The first two blogs talked about the need for there to be mechanisms to “amplify” the change in heating associated with solar variability to understand the impact of solar variability on the Earth’s climate. One of the easiest ways to visualize how a small signal might be amplified is to think of ice. At the foundation of this reasoning is the assumption, based on observations, that the climate and weather are in some near “equilibrium” balance. This is a balance where energy coming in from the Sun is absorbed or reflected and what comes in, ultimately, goes out. In this ice example, if it got a little colder because of a decrease of solar energy, it could make more ice, which would reflect more solar energy and lead to more cooling. This interaction between cooling and ice leading to more cooling, a positive feedback, is easy to conceive.

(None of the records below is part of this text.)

(* Let $\alpha\in\mathbb{R}\setminus\{0\}$ and let $A=\{(x_1,y_1),\dots,(x_\ell,y_\ell)\}\subset\mathbb{R}_+^{m+n}$. Then: (a) $T_{\mathbb Q_\alpha,C}(A)$ and $T_{\mathbb Q_\alpha,V}(A)$ are closed; (b) $T_{\mathbb Q_\alpha,C}(A)$ and $T_{\mathbb Q_\alpha,V}(A)$ are $\mathbb Q_\alpha$-convex; (c) $T_{\mathbb Q_\alpha,C}(A)$ and $T_{\mathbb Q_\alpha,V}(A)$ satisfy free disposal, i.e. $T=(T+K)\cap\mathbb{R}_+^{m+n}$ for each of them; (d) $T_{\mathbb Q_\alpha,C}(A)$ is graph-translation homothetic: for all $(x,y)\in T_{\mathbb Q_\alpha,C}(A)$ and all $\delta\in\mathbb{R}$ with $(x+\delta1\!\!1_m,y+\delta1\!\!1_n)\ge0$, one has $(x+\delta1\!\!1_m,y+\delta1\!\!1_n)\in T_{\mathbb Q_\alpha,C}(A)$.
   Context: $K=\mathbb{R}_+^m\times(-\mathbb{R}_+^n)$; $1\!\!1_m$ is the vector of ones; $\mathbf e$, $\mathbf{ln}$ are componentwise. $\mathbb M_\alpha=\mathbb{R}\cup\{-\infty\}$ if $\alpha>0$, $\mathbb M_\alpha=\mathbb{R}\cup\{+\infty\}$ if $\alpha<0$, with $e^{\alpha t}=0$ when $\alpha t=-\infty$ and $\ln0=-\infty$. The quantized technologies are $$T_{\mathbb Q_\alpha,C}(A)=\Big\{(x,y)\in\mathbb{R}_+^{m+n}: x\ge\tfrac1\alpha\mathbf{ln}\Big(\sum_{k}e^{\alpha t_k}\mathbf e^{\alpha x_k}\Big),\ y\le\tfrac1\alpha\mathbf{ln}\Big(\sum_k e^{\alpha t_k}\mathbf e^{\alpha y_k}\Big)\text{ for some }t\in\mathbb M_\alpha^\ell\Big\},$$ and $T_{\mathbb Q_\alpha,V}(A)$ is defined in the same way with the additional constraint $\frac1\alpha\ln\big(\sum_k e^{\alpha t_k}\big)=0$. A set $C\subset\mathbb M_\alpha^{d}$ is $\mathbb Q_\alpha$-convex if $\{\mathbf e^{\alpha z}:z\in C\}$ is convex. *)

From HB Require Import structures.
From mathcomp Require Import all_boot all_order all_algebra.
From mathcomp Require Import all_classical all_reals all_analysis.
Set Implicit Arguments. Unset Strict Implicit. Unset Printing Implicit Defensive.
Import Order.TTheory GRing.Theory Num.Theory.
Import numFieldNormedType.Exports.
Local Open Scope classical_set_scope.
Local Open Scope ring_scope.

Section QDefs.
Variable R : realType.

The importance of greenhouse gases to the climate and the habitability of the Earth cannot be overstated. Without greenhouse gases the surface of the Earth would be about -18 degrees C (~zero degrees F). That is, without an atmosphere with greenhouse gases, the Sun’s radiation would just be re-emitted to space.
Careful consideration of Figure 1 demonstrates the importance of greenhouse gases. 161 watts/m^2 of solar energy is absorbed at the surface. In the absence of an atmosphere, we would expect 161 watts/m^2 to be emitted back to space. But let’s count how much energy is emitted from the surface. 17 watts/m^2 leave the surface due to thermals; this is essentially heating at the surface making hot air that rises. 80 watts/m^2 leaves the surface through evaporation and condensation of water. And 396 watts/m^2 are emitted from the Earth’s surface as infrared radiation. We have the situation where 161 watts/m^2 come to the surface and 396 + 80 + 17 = 493 watts/m^2 leave the Earth’s surface! How is this possible?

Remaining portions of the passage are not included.